Этого медведя из французского бестиария (ок. 1450) изобразили так, будто он не то занимается случайной копрофагией, не то его тошнит, а может, и все вместе взятое. На самом деле это иллюстрация к мифу о том, что медвежата якобы рождаются бесформенными комочками, которых матери «вылизывают до нужной формы»
Если же немного покопаться, то гигантская панда не так уж отличается от своей медвежьей братии. Причудливый репродуктивный цикл панды, для которого характерны короткое окно фертильности и задержка имплантации эмбриона [464], встречается также и у других медведей. Детеныши панды рождаются недоношенными – слепыми, розовыми и размером с крота, – как у всех медведей, чьи крохотные новорожденные едва дотягивают до 1 % от веса тела взрослого животного. Этот факт привел ранних натуралистов, таких как Клавдий Элиан, писавший в III веке, к заключению, что медведица «рожает бесформенный комок, не имеющий четкой формы и черт»[465], а затем она «вылизывает его, придавая форму медведя»[466], – ошибка воображения, легшая в основу выражения «придать форму» [467].
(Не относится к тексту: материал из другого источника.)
Lemma shifted_difference_bound (u : nat -> R) (s2 x : R) (N : nat) :
  s2 <= 0 -> 0 <= x -> u O = 0 ->
  (forall n, (1 <= n <= N)%nat -> u n <= x) ->
  forall n, (1 <= n <= N)%nat -> u n - s2 * u (n - 1)%nat <= (1 - s2) * x.
Proof.
  intros Hs2 Hx Hu0 Hbound n Hn.
  assert (Hcur : u n <= x) by auto.
  assert (Hprev : u (n - 1)%nat <= x).
  { destruct (Nat.eq_dec n 1) as [-> | Hne]; [simpl; lra | apply Hbound; lia]. }
  nra.
Qed.

(* Roots of the characteristic polynomial t^2 - a1 t - a2 (real when
   a1^2 + 4 a2 >= 0): the smaller one s2 and the larger one s1. *)
Definition char_root_lo (a1 a2 : R) : R := (a1 - sqrt (a1 ^ 2 + 4 * a2)) / 2.
Definition char_root_hi (a1 a2 : R) : R := (a1 + sqrt (a1 ^ 2 + 4 * a2)) / 2.

Lemma char_roots_vieta (a1 a2 : R) :
  a1 ^ 2 + 4 * a2 >= 0 ->
  char_root_hi a1 a2 + char_root_lo a1 a2 = a1 /\
  char_root_hi a1 a2 * char_root_lo a1 a2 = - a2.
Proof.
  intro HD; unfold char_root_hi, char_root_lo.
  assert (Hr2 : sqrt (a1 ^ 2 + 4 * a2) * sqrt (a1 ^ 2 + 4 * a2) = a1 ^ 2 + 4 * a2)
    by (apply sqrt_sqrt; lra).
  split; [field | nra].
Qed.

Lemma char_roots_region (a1 a2 : R) :
  a1 ^ 2 + 4 * a2 > 0 ->
  ((a1 < 0 /\ a2 < 0) \/ (a2 > 0 /\ a1 + a2 < 1)) ->
  char_root_lo a1 a2 < 0 /\ char_root_hi a1 a2 < 1.
Proof.
  intros HD Hreg; unfold char_root_lo, char_root_hi.
  set (r := sqrt (a1 ^ 2 + 4 * a2)).
  assert (Hr0 : 0 < r) by (apply sqrt_lt_R0; lra).
  assert (Hr2 : r * r = a1 ^ 2 + 4 * a2) by (apply sqrt_sqrt; lra).
  destruct Hreg as [[H1 H2] | [H1 H2]].
  - assert (r < - a1) by nra; split; lra.
  - assert (- a1 < r /\ a1 < r) by (split; nra).
    assert (r < 2 - a1) by nra; split; lra.
Qed.

Theorem mainTheorem11 (P : ProbSpace) (Y : nat -> Omega P -> R) (a1 a2 : R) :
  iid_nondegenerate P Y ->
  a1 ^ 2 + 4 * a2 > 0 ->
  ((a1 < 0 /\ a2 < 0) \/ (a2 > 0 /\ a1 + a2 < 1)) ->
  let s2 := (a1 - sqrt (a1 ^ 2 + 4 * a2)) / 2 in
  let X := fun (n : nat) (w : Omega P) => ar2 a1 a2 (fun k => Y k w) n in
  let Z := fun (n : nat) (w : Omega P) => X n w - s2 * X (n - 1)%nat w in
  s2 < 0 /\
  - a2 / s2 < 1 /\
  (forall (n : nat) (w : Omega P), (1 <= n)%nat ->
      Z n w = (- a2 / s2) * Z (n - 1)%nat w + Y n w) /\
  (forall (x : R) (N : nat), 0 <= x -> (1 <= N)%nat ->
      prob P (fun w => forall n, (1 <= n <= N)%nat -> X n w <= x)
      <= prob P (fun w => forall n, (1 <= n <= N)%nat -> Z n w <= (1 - s2) * x)).
Proof.
  intros [HY _] HD Hreg s2 X Z.
  change s2 with (char_root_lo a1 a2) in *.
  destruct (char_roots_vieta a1 a2) as [Hsum Hprod]; [lra |].
  destruct (char_roots_region a1 a2 HD Hreg) as [Hs2 Hs1].
  assert (Hratio : - a2 / char_root_lo a1 a2 = char_root_hi a1 a2)
    by (rewrite <- Hprod; field; lra).
  rewrite Hratio.
  assert (HX : forall n, random_variable P (X n)) by (apply ar2_random_variable, HY).
  repeat split; [exact Hs2 | exact Hs1 | |].
  - intros n w Hn; exact (ar2_factor a1 a2 _ _ (fun k => Y k w) n Hsum Hprod Hn).
  - intros x N Hx _.
    apply prob_mono; [apply meas_forall_le; exact HX | apply meas_forall_le |].
    + intro n; apply (rv_ext P (fun w => X n w + (- char_root_lo a1 a2) * X (n - 1)%nat w)).
      * apply rv_plus; [apply HX | apply rv_scal, HX].
      * intro w; unfold Z; ring.
    + intros w Hbound; apply (shifted_difference_bound (fun n => X n w)); auto; lra.
Qed.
Элиан умел обращаться со словами и эффектно, хотя и не совсем точно применял их для описания поведения медведей. Он писал, что медведи предпочитают впадать в спячку без еды и воды, отчего их внутренности «обезвоживаются и атрофируются», и медведь возвращает их к работе, поедая дикий аронник. Это, считал Элиан, «заставляет его пердеть» до тех пор, пока он не пойдет и не «съест пригоршню муравьев» и не «насладится хорошей дефекацией»[468]. Панды не впадают в спячку и не занимаются самолечением, но, строго говоря, этого не делают любые медведи. Некоторые виды – черный, бурый и белый медведи – действительно погружаются в долгий зимний сон, известный как торпор, или оцепенение, во время которого снижается температура тела, они не едят и не выделяют экскременты, но это не считается настоящей спячкой [469]. А уж «наслаждаются» ли они первым актом дефекации после сна, этого мы никогда не узнаем.
Вегетарианская диета панды может быть «строгой», но она не такая уж причудливая. Медведи в большинстве своем всеядны, причем растительная пища в рационе многих из них составляет по меньшей мере 75 %. Панда же дошла до крайности и питается почти исключительно бамбуком, которого в ее родных горах предостаточно. Другие медведи не менее разборчивы в еде. Медведь-губач приспособился питаться почти исключительно термитами и муравьями (и утратил передние зубы, чтобы просто всасывать их или слизывать чрезвычайно длинным языком), а белый медведь предпочитает жировать преимущественно на кольчатой нерпе. Эта пищевая специализация не означает, однако, что панда утратила вкус к мясу. Изучая панд на воле, Джордж Шаллер выяснил, что ловушки с козлятиной гарантированно их привлекали, а я видела ролик, в котором дикая панда лакомилась дохлым оленем. Панда ест Бемби – решительно недиснеевское изображение любимицы детей, милой вегетарианки, но это чистая, хотя и неприятная правда.